O mecânico Eduardo Jesus Rodrigues, de 24 anos, preso após matar brutalmente o empresário Flávio Cruz Barbosa dentro de uma oficina no Setor de Oficinas Norte, afirmou em depoimento à polícia que é “do bem” e não se considera perigoso.
Segundo informações da Metrópoles, Eduardo confessou o crime e relatou detalhes da execução, que chocou moradores do Distrito Federal.
Crime brutal dentro da oficina
De acordo com a investigação da Polícia Civil do Distrito Federal, o suspeito trabalhava havia apenas um dia na oficina de restauração de carros antigos pertencente à vítima.
Imagens de câmeras de segurança mostram o momento em que Eduardo chega ao local e agride Flávio Cruz Barbosa com um chute no rosto enquanto ele estava sentado.

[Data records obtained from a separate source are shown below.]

(* Let $\|\cdot\|$ be a monotone norm on $\mathbb{R}^K$, let $T \ge 1$, and let $\boldsymbol{\alpha}_1,\dots,\boldsymbol{\alpha}_T \in \Delta(K)$ and $\mathbf{l}_1,\dots,\mathbf{l}_T \in [0,1]^K$. Let $\bar{\mathbf{r}}_T = \frac{1}{T}\sum_{t=1}^T (\boldsymbol{\alpha}_t\odot\mathbf{l}_t, \mathbf{l}_t) \in \mathbb{R}^K\times\mathbb{R}^K$ and suppose $\min_{\mathbf{s} \in S}\|\bar{\mathbf{r}}_T - \mathbf{s}\|^+ \le \gamma$. Then \[ \Big\|\sum_{t=1}^T \boldsymbol{\alpha}_t\odot\mathbf{l}_t\Big\| - C^*\Big(\sum_{t=1}^T \mathbf{l}_t\Big) \le T\gamma. \] Consequently, any algorithm for the repeated game $P$ achieving convergence rate $\gamma(T)$, applied to online load balancing, has $\mathrm{Regret}(T) \le T\gamma(T)$.
   Context: $\Delta(K) = \{\boldsymbol{\alpha} \in [0,1]^K : \sum_i \alpha_i = 1\}$; $\boldsymbol{\alpha}\odot\mathbf{l} = (\alpha_1 l_1,\dots,\alpha_K l_K)$; $C^*(\mathbf{l}) = \min_{\boldsymbol{\alpha}\in\Delta(K)}\|\boldsymbol{\alpha}\odot\mathbf{l}\|$. A norm is monotone if $\|\mathbf{x}\|\le\|\mathbf{y}\|$ whenever $|x_i|\le|y_i|$ for all $i$. $S = \{(\mathbf{x},\mathbf{y}) \in [0,1]^K\times[0,1]^K : \|\mathbf{x}\| \le C^*(\mathbf{y})\}$ and $\|(\mathbf{x},\mathbf{y})\|^+ = \|\mathbf{x}\|+\|\mathbf{y}\|$. Online load balancing: in each round $t=1,\dots,T$ the learner picks $\boldsymbol{\alpha}_t\in\Delta(K)$, then an adversary reveals $\mathbf{l}_t \in [0,1]^K$; $\mathrm{Regret}(T) = \|\sum_t \boldsymbol{\alpha}_t\odot\mathbf{l}_t\| - C^*(\sum_t \mathbf{l}_t)$. The repeated game $P$ has learner actions $\Delta(K)$, adversary actions $[0,1]^K$, vector payoff $r(\boldsymbol{\alpha},\mathbf{l}) = (\boldsymbol{\alpha}\odot\mathbf{l},\mathbf{l})$, target set $S$, and metric $\mathrm{dist}(\mathbf{r},\mathbf{s}) = \|\mathbf{r}-\mathbf{s}\|^+$; an algorithm has convergence rate $\gamma(T)$ if against every adversary $\min_{\mathbf{s}\in S}\mathrm{dist}(\bar{\mathbf{r}}_T,\mathbf{s}) \le \gamma(T)$, where $\bar{\mathbf{r}}_T$ is the average payoff. *)

From mathcomp Require Import all_boot all_order all_algebra.
From mathcomp Require Import all_classical all_reals.
Set Implicit Arguments. Unset Strict Implicit. Unset Printing Implicit Defensive.
Import Order.TTheory GRing.Theory Num.Theory.
Local Open Scope ring_scope.
Local Open Scope classical_set_scope.

Section Defs.
Variables (R : realType) (K : nat).

Definition vec := 'I_K -> R.

Definition is_norm (N : vec -> R) : Prop :=
  [/\ forall x, N x = 0 -> x = (fun _ => 0),
      forall (a : R) x, N (fun i => a * x i) = `|a| * N x
    & forall x y, N (fun i => x i + y i) <= N x + N y].

Definition monotone_norm (N : vec -> R) : Prop :=
  is_norm N /\ forall x y, (forall i, `|x i| <= `|y i|) -> N x <= N y.

Definition simplex (a : vec) : Prop :=
  (forall i, 0 <= a i <= 1) /\ \sum_(i < K) a i = 1.

Definition unit_box (l : vec) : Prop := forall i, 0 <= l i <= 1.

Definition hadamard (a l : vec) : vec := fun i => a i * l i.

(* C*(l) = min_{alpha in Delta(K)} ||alpha ⊙ l||, written as the infimum
   (the minimum is attained, so they coincide) *)
Definition Cstar (N : vec -> R) (l : vec) : R :=
  inf [set N (hadamard a l) | a in simplex].

Definition targetS (N : vec -> R) : set (vec * vec) :=
  [set xy | unit_box xy.1 /\ unit_box xy.2 /\ N xy.1 <= Cstar N xy.2].

Definition normplus (N : vec -> R) (r : vec * vec) : R := N r.1 + N r.2.

(* min_{s in S} ||r - s||^+ (as infimum; attained since S is compact) *)
Definition dist_to_S (N : vec -> R) (r : vec * vec) : R :=
  inf [set normplus N ((fun i => r.1 i - s.1 i), (fun i => r.2 i - s.2 i))
      | s in targetS N].

(* average payoff (1/T) sum_{t<T} (alpha_t ⊙ l_t, l_t); rounds indexed 0..T-1 *)
Definition avg_payoff (T : nat) (a l : nat -> vec) : vec * vec :=
  ((fun i => T%:R^-1 * \sum_(t < T) a t i * l t i),
   (fun i => T%:R^-1 * \sum_(t < T) l t i)).

Definition regret (N : vec -> R) (T : nat) (a l : nat -> vec) : R :=
  N (fun i => \sum_(t < T) a t i * l t i) - Cstar N (fun i => \sum_(t < T) l t i).

(* A (deterministic) learner algorithm maps the history of past loss vectors
   to an action; it must always output a point of Delta(K). *)
Definition algorithm := seq vec -> vec.
Definition valid_algorithm (A : algorithm) : Prop := forall h, simplex (A h).

(* Actions played by A against the loss sequence l : round t (0-based) uses
   the history l_0, ..., l_{t-1}. *)
Definition plays (A : algorithm) (l : nat -> vec) : nat -> vec :=
  fun t => A (mkseq l t).

(* convergence rate gamma(T): against every adversary (for a deterministic
   learner, every loss sequence in [0,1]^K), dist(rbar_T, S) <= gamma(T). *)
Definition has_rate (N : vec -> R) (A : algorithm) (gamma : nat -> R) : Prop :=
  forall T : nat, (1 <= T)%N -> forall l : nat -> vec,
    (forall t, (t < T)%N -> unit_box (l t)) ->
    dist_to_S N (avg_payoff T (plays A l) l) <= gamma T.

End Defs.

From mathcomp Require Import all_boot all_order all_algebra.
From mathcomp Require Import all_classical all_reals.
Set Implicit Arguments. Unset Strict Implicit. Unset Printing Implicit Defensive.
Import Order.TTheory GRing.Theory Num.Theory.
Local Open Scope ring_scope.
Local Open Scope classical_set_scope.

(* For a point (x, y) of R^K x R^K write gap(x, y) = ||x|| - C*(y).  Two
   properties of C* carry the argument, both valid for any monotone norm as
   soon as Delta(K) is nonempty:
   - C* is 1-Lipschitz: C*(y) <= C*(x) + ||y - x||, because ||alpha (.) v||
     <= ||v|| for alpha in Delta(K);
   - C* is positively homogeneous: C*(c y) = c C*(y) for c > 0.
   For s = (s1, s2) in S we get ||x|| <= ||x - s1|| + ||s1|| and
   ||s1|| <= C*(s2) <= C*(y) + ||y - s2||, hence gap(x, y) <= ||(x,y) - s||^+;
   taking the infimum over S gives gap(x, y) <= dist((x, y), S).
   Finally, the cumulative vectors are T times the average payoff rbar_T, so by
   homogeneity Regret(T) = T gap(rbar_T) <= T dist(rbar_T, S) <= T gamma. *)

Section MonotoneNorm.
Variables (R : realType) (K : nat) (N : vec R K -> R).
Hypothesis hN : monotone_norm N.

Lemma norm_zero : N (fun _ => 0) = 0.
Proof.
case: hN => -[_ hZ _] _.
by have := hZ 0 (fun _ => 0); rewrite normr0 !mul0r.
Qed.

Lemma norm_ge0 (x : vec R K) : 0 <= N x.
Proof. by case: hN => _ hmono; rewrite -norm_zero; apply: hmono => i; rewrite normr0. Qed.

Lemma normZ_ge0 (c : R) (x : vec R K) : 0 <= c -> N (fun i => c * x i) = c * N x.
Proof. by case: hN => -[_ hZ _] _ c_ge0; rewrite hZ ger0_norm. Qed.

Lemma norm_le_subD (x y : vec R K) : N x <= N (fun i => x i - y i) + N y.
Proof.
case: hN => -[_ _ htri] hmono; apply: le_trans (htri _ _).
by apply: hmono => i; rewrite subrK.
Qed.

Lemma norm_subC (x y : vec R K) : N (fun i => x i - y i) = N (fun i => y i - x i).
Proof. by case: hN => _ hmono; apply/eqP; rewrite eq_le !hmono // => i; rewrite distrC. Qed.

Lemma norm_hadamard_le (a x : vec R K) : simplex a -> N (hadamard a x) <= N x.
Proof.
case: hN => _ hmono [a01 _]; apply: hmono => i; rewrite /hadamard normrM.
by have /andP[a0 a1] := a01 i; rewrite ger0_norm // ler_piMl.
Qed.

(* The set whose infimum defines C* is bounded below by 0, so C* is a
   genuine lower bound of it. *)
Lemma Cstar_has_lbound (y : vec R K) :
  has_lbound [set N (hadamard a y) | a in @simplex R K].
Proof. by exists 0 => z [a _ <-]; apply: norm_ge0. Qed.

Lemma Cstar_le (a y : vec R K) : simplex a -> Cstar N y <= N (hadamard a y).
Proof. by move=> sa; apply: ge_inf; [apply: Cstar_has_lbound | exists a]. Qed.

Hypothesis simplex_inhabited : exists a : vec R K, simplex a.

Lemma Cstar_ge (m : R) (y : vec R K) :
  (forall a, simplex a -> m <= N (hadamard a y)) -> m <= Cstar N y.
Proof.
move=> hm; apply: lb_le_inf; last by move=> z [a sa <-]; apply: hm.
by case: simplex_inhabited => a sa; exists (N (hadamard a y)), a.
Qed.

Lemma Cstar_lipschitz (x y : vec R K) :
  Cstar N y <= Cstar N x + N (fun i => y i - x i).
Proof.
rewrite -lerBlDr; apply: Cstar_ge => a sa; rewrite lerBlDr.
apply: le_trans (@Cstar_le a y sa) _.
apply: le_trans (norm_le_subD (hadamard a y) (hadamard a x)) _.
rewrite addrC lerD2l.
have -> : (fun i => hadamard a y i - hadamard a x i) = hadamard a (fun i => y i - x i).
  by apply: funext => i; rewrite /hadamard mulrBr.
exact: norm_hadamard_le.
Qed.

(* Half of homogeneity; the other half follows by scaling with c^-1. *)
Lemma Cstar_scale_ge (c : R) (y : vec R K) :
  0 <= c -> c * Cstar N y <= Cstar N (fun i => c * y i).
Proof.
move=> c_ge0; apply: Cstar_ge => a sa.
have -> : hadamard a (fun i => c * y i) = (fun i => c * hadamard a y i).
  by apply: funext => i; rewrite /hadamard mulrCA.
by rewrite normZ_ge0 // ler_wpM2l // Cstar_le.
Qed.

Lemma Cstar_scale (c : R) (y : vec R K) :
  0 < c -> Cstar N (fun i => c * y i) = c * Cstar N y.
Proof.
move=> c_gt0; apply/eqP; rewrite eq_le; apply/andP; split; last first.
  exact: Cstar_scale_ge (ltW c_gt0).
rewrite -ler_pdivrMl //.
have cV_ge0 : 0 <= c^-1 by rewrite invr_ge0 ltW.
apply: le_trans (@Cstar_scale_ge c^-1 (fun i => c * y i) cV_ge0) _.
have -> : (fun i => c^-1 * (c * y i)) = y.
  by apply: funext => i; rewrite mulrA mulVf ?mul1r ?gt_eqF.
exact: lexx.
Qed.

Lemma gap_le_normplus (x y : vec R K) (s : vec R K * vec R K) :
  targetS N s ->
  N x - Cstar N y <= normplus N ((fun i => x i - s.1 i), (fun i => y i - s.2 i)).
Proof.
case=> _ [_ s1_le]; rewrite /normplus /= lerBlDr.
apply: le_trans (norm_le_subD x s.1) _; rewrite -addrA lerD2l addrC.
apply: le_trans s1_le _; rewrite norm_subC; exact: Cstar_lipschitz.
Qed.

(* Hence the gap at a point is bounded by its distance to S; the infimum
   ranges over a nonempty set since (0, 0) lies in S. *)
Lemma gap_le_dist (r : vec R K * vec R K) :
  N r.1 - Cstar N r.2 <= dist_to_S N r.
Proof.
apply: lb_le_inf; last by move=> z [s sS <-]; apply: gap_le_normplus.
have zeroS : targetS N ((fun _ => 0), (fun _ => 0)).
  split; first by move=> i; rewrite lexx ler01.
  split; first by move=> i; rewrite lexx ler01.
  by rewrite /= norm_zero; apply: Cstar_ge => a _; apply: norm_ge0.
by eexists; exists ((fun _ => 0), (fun _ => 0)).
Qed.

Lemma scale_average (T : nat) (x : vec R K) :
  (1 <= T)%N -> x = (fun i => T%:R * (T%:R^-1 * x i)).
Proof.
move=> T_ge1; apply: funext => i.
by rewrite mulrA mulfV ?mul1r // pnatr_eq0 -lt0n.
Qed.

Lemma cumulative_gap (T : nat) (a l : nat -> vec R K) :
  (1 <= T)%N ->
  N (fun i => \sum_(t < T) a t i * l t i) - Cstar N (fun i => \sum_(t < T) l t i)
  = T%:R * (N (avg_payoff T a l).1 - Cstar N (avg_payoff T a l).2).
Proof.
move=> T_ge1; have T_gt0 : 0 < T%:R :> R by rewrite ltr0n.
have -> : (fun i => \sum_(t < T) a t i * l t i) =
          (fun i => T%:R * (avg_payoff T a l).1 i) by exact: scale_average.
have -> : (fun i => \sum_(t < T) l t i) =
          (fun i => T%:R * (avg_payoff T a l).2 i) by exact: scale_average.
by rewrite normZ_ge0 ?ler0n // Cstar_scale // mulrBr.
Qed.

(* Regret after T rounds is at most T times the distance of rbar_T to S; this
   holds for arbitrary action and loss vectors, given only that Delta(K) is
   nonempty. *)
Lemma regret_le_T_dist (T : nat) (a l : nat -> vec R K) :
  (1 <= T)%N ->
  N (fun i => \sum_(t < T) a t i * l t i) - Cstar N (fun i => \sum_(t < T) l t i)
  <= T%:R * dist_to_S N (avg_payoff T a l).
Proof.
move=> T_ge1; rewrite cumulative_gap // ler_wpM2l ?ler0n //.
exact: gap_le_dist.
Qed.

End MonotoneNorm.

Theorem proposition2 (R : realType) (K : nat) (N : vec R K -> R) :
  monotone_norm N ->
  (forall (T : nat) (a l : nat -> vec R K) (gamma : R),
     (1 <= T)%N ->
     (forall t, (t < T)%N -> simplex (a t)) ->
     (forall t, (t < T)%N -> unit_box (l t)) ->
     dist_to_S N (avg_payoff T a l) <= gamma ->
     N (fun i => \sum_(t < T) a t i * l t i)
       - Cstar N (fun i => \sum_(t < T) l t i) <= T%:R * gamma)
  /\
  (forall (A : algorithm R K) (gamma : nat -> R),
     valid_algorithm A -> has_rate N A gamma ->
     forall (T : nat) (l : nat -> vec R K), (1 <= T)%N ->
     (forall t, (t < T)%N -> unit_box (l t)) ->
     regret N T (plays A l) l <= T%:R * gamma T).
Proof.
move=> hN.
have regret_bound (T : nat) (a l : nat -> vec R K) (gamma : R) :
    (1 <= T)%N -> simplex (a 0%N) -> dist_to_S N (avg_payoff T a l) <= gamma ->
    N (fun i => \sum_(t < T) a t i * l t i)
      - Cstar N (fun i => \sum_(t < T) l t i) <= T%:R * gamma.
  move=> T_ge1 a0_simplex dist_le.
  have inhabited : exists a0 : vec R K, simplex a0 by exists (a 0%N).
  apply: le_trans (regret_le_T_dist hN inhabited a l T_ge1) _.
  by rewrite ler_wpM2l ?ler0n.
split=> [T a l gamma T_ge1 a_simplex _ | A gamma A_valid A_rate T l T_ge1 l_box].
  exact: regret_bound (a_simplex 0%N T_ge1).
exact: regret_bound T_ge1 (A_valid _) (A_rate T T_ge1 l l_box).
Qed.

Em seguida, o criminoso desfere diversas facadas contra o empresário.
Após derrubar a vítima, o autor utilizou uma roda de ferro para esmagar repetidamente a cabeça do patrão já desacordado. Depois, arrastou o corpo pelo chão da oficina, deixando um rastro de sangue.
“Queria decapitar”
Em depoimento, Eduardo afirmou que pretendia decapitar a vítima, mas desistiu ao perceber que o empresário já estava morto.
Ainda segundo a polícia, ele declarou que vinha sofrendo ameaças e zombarias do patrão e alegou que a vítima teria ligação com um estupro coletivo sofrido por ele há cerca de quatro anos.
O suspeito também disse ser usuário de drogas, embora tenha afirmado estar sem consumir entorpecentes desde o início deste ano.
Histórico criminal e transtornos mentais
A Polícia Militar do Distrito Federal informou que Eduardo possui antecedentes por porte de arma branca e tráfico de drogas.
Segundo a PCDF, o homem apresenta transtornos mentais. Ele é natural de Luziânia e morava em Taguatinga.
Quem era a vítima
Flávio Cruz Barbosa, de 49 anos, era conhecido em Brasília pelo trabalho com restauração de veículos antigos e pela atuação no mercado de cervejas artesanais.
O empresário havia acabado de retornar de uma viagem de trabalho a Alexânia ao lado do irmão, Leonardo Cruz. Poucos minutos antes do crime, Leonardo deixou a oficina.
“Meu irmão era muito amado pelos familiares e amigos”, lamentou o irmão da vítima.